# Rouge fun!!!



## basshunter125 (Mar 31, 2011)

Almost hit a doe on my bicycle back in the woods in Dearborn came within 3 feet! Deer are friendly there cuz she stayed and looked at me then turned and ate right in front of us. Rod behind ford estate and there were atleast 20 Large carp within reach caught a few!! Salmon trying to jump up the waterfall there and failed haha good day!!!


----------



## kingfishcam (Jul 16, 2002)

Lots of deer in there, and pheasant too!

I have seen some nice bucks just a little further west of there.


----------



## Shika (Nov 19, 2010)

I've seen some biggens during the winter bedding out on the golf course (Dearborn Country Club) which backs up to the woods along the Rouge. I ride my bicycle 3-4 times a week on Hines from Dearborn to Northville and back...been doing it consistently for the last 10 years. I've lost count of all the yotes, deer, turkey,fox I've seen, not to mention a mature bald eagle.
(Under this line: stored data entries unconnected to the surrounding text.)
(* Let $k,k_1,\dots,k_N\in\mathbb{R}^3$, $t,t_1,\dots,t_N\in\mathbb{R}$, $\varepsilon_1,\dots,\varepsilon_N\in\{0,1\}$, and write $a^{0}_\lambda=a_\lambda$, $a^{1}_\lambda=a^{\dagger}_\lambda$. Let $m_1<\dots<m_J$ be the positions $m$ with $\varepsilon_m=0$ (annihilators) and $m'_1<\dots<m'_I$ the positions with $\varepsilon_m=1$ (creators), $I+J=N$. Then $$ a_\lambda(t,k)\,a^{\varepsilon_1}_\lambda(t_1,k_1)\cdots a^{\varepsilon_N}_\lambda(t_N,k_N) -\prod_{i=1}^{J} q_{\lambda}^{-1}(t-t_{m_i},k\cdot k_{m_i})\prod_{j=1}^{I} q_{\lambda}(t-t_{m'_j},k\cdot k_{m'_j})\, a^{\varepsilon_1}_\lambda(t_1,k_1)\cdots a^{\varepsilon_N}_\lambda(t_N,k_N)\,a_\lambda(t,k) $$ $$ =\sum_{j=1}^{I}\delta(k-k_{m'_j})\,\frac{1}{\lambda^2}\,q_{\lambda}\big(t-t_{m'_j},\tilde\omega(k)+k\cdot p\big)\prod_{m_i<m'_j}q_{\lambda}(t-t_{m'_j},k\cdot k_{m_i})\prod_{m'_i<m'_j}q^{-1}_{\lambda}(t-t_{m'_j},k\cdot k_{m'_i}) $$ $$ \times\prod_{m_i<m'_j}q_{\lambda}^{-1}(t-t_{m_i},k\cdot k_{m_i})\prod_{m'_i<m'_j}q_{\lambda}(t-t_{m'_i},k\cdot k_{m'_i})\; a^{\varepsilon_1}_\lambda(t_1,k_1)\cdots\widehat{a^{\dagger}_\lambda(t_{m'_j},k_{m'_j})}\cdots a^{\varepsilon_N}_\lambda(t_N,k_N), $$ where the hat means that the factor $a^{\dagger}_\lambda(t_{m'_j},k_{m'_j})$ is omitted from the product, and the operator-valued factors depending on $p$ stand to the left of the product of field operators.
   Context: A single non-relativistic particle in $\mathbb{R}^3$ has position $q=(q_1,q_2,q_3)$ and momentum $p=(p_1,p_2,p_3)$ with $[q_j,p_n]=i\delta_{jn}$. A boson field is given by operators $a_j(k),a_j^\dagger(k)$, $j=1,2,3$, $k\in\mathbb{R}^3$, with $[a_j(k),a_n^\dagger(k')]=\delta_{jn}\delta(k-k')$, $[a_j(k),a_n(k')]=0$. Let $\omega(k)=|k|$, $\tilde\omega(k)=\omega(k)+\tfrac12 k^2$, $H_0=\int\omega(k)a^\dagger(k)a(k)\,d^3k+\tfrac12 p^2$, and $kq=\sum_j k_jq_j$, $k\cdot p=\sum_j k_jp_j$. For $\lambda>0$ define the rescaled (collective) field operators $$a_{\lambda}(t,k)=\frac{1}{\lambda}e^{i\frac{t}{\lambda^2}H_0}e^{-ikq}a(k)e^{-i\frac{t}{\lambda^2}H_0}=\frac{1}{\lambda}e^{-i\frac{t}{\lambda^2}(\tilde\omega(k)+k\cdot p)}e^{-ikq}a(k),$$ and $a^\dagger_\lambda(t,k)$ its adjoint, and $q_\lambda(t,x)=e^{-i\frac{t}{\lambda^2}x}$ (where $x$ may be a function of the operator $p$). Polarization indices are suppressed: each field operator carries an index $j\in\{1,2,3\}$ and each $\delta(k-k')$ pairing an annihilator with index $j$ and a creator with index $n$ stands for $\delta(k-k')\delta_{jn}$. *)

From HB Require Import structures.
From mathcomp Require Import all_boot all_order all_algebra.
From mathcomp Require Import complex.
From mathcomp Require Import reals trigo.
Set Implicit Arguments. Unset Strict Implicit. Unset Printing Implicit Defensive.
Import Order.TTheory GRing.Theory Num.Theory.
Local Open Scope ring_scope.
Theorem theorem3p1 (R : realType) :
  (* (1) one-dimensional case *)
  (fourier_accurate (@maxwell1 R) (@bfecc_cd_symbol R 1 1 (@maxwell1 R)) 2 /\
   forall (dt : R) (dx : 'I_1 -> R), 0 < dt -> (forall m, 0 < dx m) ->
     dt <= Num.sqrt 3 * dx ord0 ->
     l2_stable (bfecc_cd_symbol (@maxwell1 R) dt dx)) /\
  (* (2) two-dimensional TM_z case *)
  (fourier_accurate (@maxwell2 R) (@bfecc_cd_symbol R 2 2 (@maxwell2 R)) 2 /\
   forall (dt : R) (dx : 'I_2 -> R), 0 < dt -> (forall m, 0 < dx m) ->
     dt <= Num.sqrt 3 / Num.sqrt ((1 / dx 0) ^+ 2 + (1 / dx 1) ^+ 2) ->
     l2_stable (bfecc_cd_symbol (@maxwell2 R) dt dx)) /\
  (* (3) three-dimensional case *)
  (fourier_accurate (@maxwell3 R) (@bfecc_cd_symbol R 3 5 (@maxwell3 R)) 2 /\
   forall (dt : R) (dx : 'I_3 -> R), 0 < dt -> (forall m, 0 < dx m) ->
     dt <= Num.sqrt 3 / Num.sqrt ((1 / dx 0) ^+ 2 + (1 / dx 1) ^+ 2 + (1 / dx 2) ^+ 2) ->
     l2_stable (bfecc_cd_symbol (@maxwell3 R) dt dx)).
Proof.
split; first by split; [exact: bfecc_cd_fourier_accurate | exact: maxwell1_l2_stable].
split; first by split; [exact: bfecc_cd_fourier_accurate | exact: maxwell2_l2_stable].
by split; [exact: bfecc_cd_fourier_accurate | exact: maxwell3_l2_stable].
Qed.
Lemma RInt_G_integrand_diag b n : RInt (G_integrand b b) (- n) n = G_sym_primitive b n.
Proof.
  assert (Hcont : forall x, continuous (G_integrand b b) x) by apply G_integrand_continuous.
  assert (Hcont_opp : forall x, continuous (fun x => G_integrand b b (- x)) x).
  { intros x. apply (continuous_comp Ropp (G_integrand b b)); [|apply Hcont].
    apply (ex_derive_continuous (V := R_NormedModule)). auto_derive. easy. }
  assert (Hsum : is_RInt (fun x => G_integrand b b x + G_integrand b b (- x)) (- n) n
                   (2 * G_sym_primitive b n)).
  { replace (2 * G_sym_primitive b n)
      with (minus (G_sym_primitive b n) (G_sym_primitive b (- n)))
      by (rewrite G_sym_primitive_odd; unfold minus, plus, opp; simpl; ring).
    apply (is_RInt_derive (G_sym_primitive b)).
    - intros x _. apply is_derive_G_sym_primitive.
    - intros x _. apply (continuous_plus (G_integrand b b)); [apply Hcont | apply Hcont_opp]. }
  apply (is_RInt_unique (V := R_CompleteNormedModule)) in Hsum.
  rewrite (RInt_plus (V := R_CompleteNormedModule)) in Hsum;
    try now apply ex_RInt_of_continuous.
  change (RInt (G_integrand b b) (- n) n + RInt (fun x => G_integrand b b (- x)) (- n) n
          = 2 * G_sym_primitive b n) in Hsum.
  rewrite RInt_sym_comp_opp in Hsum by apply Hcont. lra.
Qed.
They find a way to survive in the slim corridor of woods that runs along the Rouge, which is then surrounded by suburbs.


----------



## basshunter125 (Mar 31, 2011)

If you ride from andiamo in dearborn theres paved trail that take you through some pretty cool spots you go thru u of m dearborn, henry ford estate and end up at hines near evergreen rd.


----------